- Collection entries -

++++++

(* In the model below, let $(\mathbf A^\dagger,\mathbf q^\dagger)$ be any maximizer of $\Omega$ over $\mathcal A\times\mathbb R^n_{\ge0}$ and $\mathbf x^\dagger=\mathbf A^\dagger\mathbf q^\dagger$. Then: (i) If $r(\boldsymbol\gamma)\le1\le R(\boldsymbol\gamma)$, then $\mathbf q^\dagger=\boldsymbol\gamma$ and $\mathbf x^\dagger=\boldsymbol\beta$; moreover, unless there exists $\boldsymbol\sigma\in\{-1,1\}^n$ with $\boldsymbol\sigma^\top\boldsymbol\gamma=1$, every such $\mathbf A^\dagger$ has $\operatorname{rank}(\mathbf A^\dagger)\ge2$. (ii) If $R(\boldsymbol\gamma)\le1$, then $q_i^\dagger=\gamma_i+\dfrac{\alpha(1-R(\boldsymbol\gamma))}{1+n\alpha}$ for all $i$, $\mathbf x^\dagger=R(\mathbf q^\dagger)\boldsymbol\beta$, and $\mathbf A^\dagger$ is unique with $\mathbf a_i^\dagger=\boldsymbol\beta$ for all $i$. (iii) If $r(\boldsymbol\gamma)\ge1$ and $i$ is the index with $\gamma_i=\|\boldsymbol\gamma\|_\infty$, then $q_i^\dagger=\gamma_i-\dfrac{\alpha(r(\boldsymbol\gamma)-1)}{1+n\alpha}$ and $q_j^\dagger=\gamma_j+\dfrac{\alpha(r(\boldsymbol\gamma)-1)}{1+n\alpha}$ for all $j\ne i$, $\mathbf x^\dagger=r(\mathbf q^\dagger)\boldsymbol\beta$, and $\mathbf A^\dagger$ is unique with $\mathbf a_i^\dagger=\boldsymbol\beta$ and $\mathbf a_j^\dagger=-\boldsymbol\beta$ for all $j\ne i$.
   Context: Model: integers $n\ge2$, $m\ge2$; parameters $\alpha>0$, $\boldsymbol\beta\in\mathbb R^m$ with $\|\boldsymbol\beta\|_2=1$, $\boldsymbol\gamma\in\mathbb R^n$ with $\gamma_i>0$ for all $i$. $\mathcal A$ is the set of real $m\times n$ matrices $\mathbf A=[\mathbf a_1,\dots,\mathbf a_n]$ with $\|\mathbf a_i\|_2=1$ for all $i$. With $\mathbf x=\mathbf A\mathbf q$, total surplus is $\Omega(\mathbf A,\mathbf q)=\alpha(\mathbf x^\top\boldsymbol\beta-\tfrac12\mathbf x^\top\mathbf x)+\mathbf q^\top\boldsymbol\gamma-\tfrac12\mathbf q^\top\mathbf q$. For $\mathbf v\in\mathbb R^n$: $R(\mathbf v)=\|\mathbf v\|_1$, $r(\mathbf v)=2\|\mathbf v\|_\infty-\|\mathbf v\|_1$. *)

From HB Require Import structures.
From mathcomp Require Import all_boot all_order all_algebra.
From mathcomp Require Import reals.
Set Implicit Arguments. Unset Strict Implicit. Unset Printing Implicit Defensive.
Import Order.TTheory GRing.Theory Num.Theory.
Local Open Scope ring_scope.

Section Defs.
Variable R : realType.

Definition dotv (k : nat) (u v : 'cV[R]_k) : R := \sum_(i < k) u i 0 * v i 0.

Definition norm2 (k : nat) (v : 'cV[R]_k) : R := Num.sqrt (dotv v v).

Definition norm1 (k : nat) (v : 'cV[R]_k) : R := \sum_(i < k) `|v i 0|.

Definition norminf (k : nat) (v : 'cV[R]_k) : R := \big[Num.max/0]_(i < k) `|v i 0|.

Definition Rfun (k : nat) (v : 'cV[R]_k) : R := norm1 v.
Definition rfun (k : nat) (v : 'cV[R]_k) : R := 2 * norminf v - norm1 v.

Definition inAset (m n : nat) (A : 'M[R]_(m, n)) : Prop :=
  forall i : 'I_n, norm2 (col i A) = 1.

Definition Omega (m n : nat) (alpha : R) (beta : 'cV[R]_m) (gamma : 'cV[R]_n)
  (A : 'M[R]_(m, n)) (q : 'cV[R]_n) : R :=
  let x := A *m q in
  alpha * (dotv x beta - 2^-1 * dotv x x) + dotv q gamma - 2^-1 * dotv q q.

Definition nonneg_vec (n : nat) (q : 'cV[R]_n) : Prop := forall i, 0 <= q i 0.

Definition is_maximizer (m n : nat) (alpha : R) (beta : 'cV[R]_m) (gamma : 'cV[R]_n)
  (A : 'M[R]_(m, n)) (q : 'cV[R]_n) : Prop :=
  [/\ inAset A, nonneg_vec q &
      forall (A' : 'M[R]_(m, n)) (q' : 'cV[R]_n), inAset A' -> nonneg_vec q' ->
        Omega alpha beta gamma A' q' <= Omega alpha beta gamma A q].

End Defs.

++++++

All the entries are to be reproduced verbatim.

- FINISHED EXERCISE -
(* In the model below, let $(\mathbf A^\dagger,\mathbf q^\dagger)$ be any maximizer of $\Omega$ over $\mathcal A\times\mathbb R^n_{\ge0}$ and $\mathbf x^\dagger=\mathbf A^\dagger\mathbf q^\dagger$. Then: (i) If $r(\boldsymbol\gamma)\le1\le R(\boldsymbol\gamma)$, then $\mathbf q^\dagger=\boldsymbol\gamma$ and $\mathbf x^\dagger=\boldsymbol\beta$; moreover, unless there exists $\boldsymbol\sigma\in\{-1,1\}^n$ with $\boldsymbol\sigma^\top\boldsymbol\gamma=1$, every such $\mathbf A^\dagger$ has $\operatorname{rank}(\mathbf A^\dagger)\ge2$. (ii) If $R(\boldsymbol\gamma)\le1$, then $q_i^\dagger=\gamma_i+\dfrac{\alpha(1-R(\boldsymbol\gamma))}{1+n\alpha}$ for all $i$, $\mathbf x^\dagger=R(\mathbf q^\dagger)\boldsymbol\beta$, and $\mathbf A^\dagger$ is unique with $\mathbf a_i^\dagger=\boldsymbol\beta$ for all $i$. (iii) If $r(\boldsymbol\gamma)\ge1$ and $i$ is the index with $\gamma_i=\|\boldsymbol\gamma\|_\infty$, then $q_i^\dagger=\gamma_i-\dfrac{\alpha(r(\boldsymbol\gamma)-1)}{1+n\alpha}$ and $q_j^\dagger=\gamma_j+\dfrac{\alpha(r(\boldsymbol\gamma)-1)}{1+n\alpha}$ for all $j\ne i$, $\mathbf x^\dagger=r(\mathbf q^\dagger)\boldsymbol\beta$, and $\mathbf A^\dagger$ is unique with $\mathbf a_i^\dagger=\boldsymbol\beta$ and $\mathbf a_j^\dagger=-\boldsymbol\beta$ for all $j\ne i$.
   Context: Model: integers $n\ge2$, $m\ge2$; parameters $\alpha>0$, $\boldsymbol\beta\in\mathbb R^m$ with $\|\boldsymbol\beta\|_2=1$, $\boldsymbol\gamma\in\mathbb R^n$ with $\gamma_i>0$ for all $i$. $\mathcal A$ is the set of real $m\times n$ matrices $\mathbf A=[\mathbf a_1,\dots,\mathbf a_n]$ with $\|\mathbf a_i\|_2=1$ for all $i$. With $\mathbf x=\mathbf A\mathbf q$, total surplus is $\Omega(\mathbf A,\mathbf q)=\alpha(\mathbf x^\top\boldsymbol\beta-\tfrac12\mathbf x^\top\mathbf x)+\mathbf q^\top\boldsymbol\gamma-\tfrac12\mathbf q^\top\mathbf q$. For $\mathbf v\in\mathbb R^n$: $R(\mathbf v)=\|\mathbf v\|_1$, $r(\mathbf v)=2\|\mathbf v\|_\infty-\|\mathbf v\|_1$. *)

From HB Require Import structures.
From mathcomp Require Import all_boot all_order all_algebra.
From mathcomp Require Import reals.
Set Implicit Arguments. Unset Strict Implicit. Unset Printing Implicit Defensive.
Import Order.TTheory GRing.Theory Num.Theory.
Local Open Scope ring_scope.

Section Defs.
Variable R : realType.

Definition dotv (k : nat) (u v : 'cV[R]_k) : R := \sum_(i < k) u i 0 * v i 0.

Definition norm2 (k : nat) (v : 'cV[R]_k) : R := Num.sqrt (dotv v v).

Definition norm1 (k : nat) (v : 'cV[R]_k) : R := \sum_(i < k) `|v i 0|.

Definition norminf (k : nat) (v : 'cV[R]_k) : R := \big[Num.max/0]_(i < k) `|v i 0|.

Definition Rfun (k : nat) (v : 'cV[R]_k) : R := norm1 v.
Definition rfun (k : nat) (v : 'cV[R]_k) : R := 2 * norminf v - norm1 v.

Definition inAset (m n : nat) (A : 'M[R]_(m, n)) : Prop :=
  forall i : 'I_n, norm2 (col i A) = 1.

Definition Omega (m n : nat) (alpha : R) (beta : 'cV[R]_m) (gamma : 'cV[R]_n)
  (A : 'M[R]_(m, n)) (q : 'cV[R]_n) : R :=
  let x := A *m q in
  alpha * (dotv x beta - 2^-1 * dotv x x) + dotv q gamma - 2^-1 * dotv q q.

Definition nonneg_vec (n : nat) (q : 'cV[R]_n) : Prop := forall i, 0 <= q i 0.

Definition is_maximizer (m n : nat) (alpha : R) (beta : 'cV[R]_m) (gamma : 'cV[R]_n)
  (A : 'M[R]_(m, n)) (q : 'cV[R]_n) : Prop :=
  [/\ inAset A, nonneg_vec q &
      forall (A' : 'M[R]_(m, n)) (q' : 'cV[R]_n), inAset A' -> nonneg_vec q' ->
        Omega alpha beta gamma A' q' <= Omega alpha beta gamma A q].

End Defs.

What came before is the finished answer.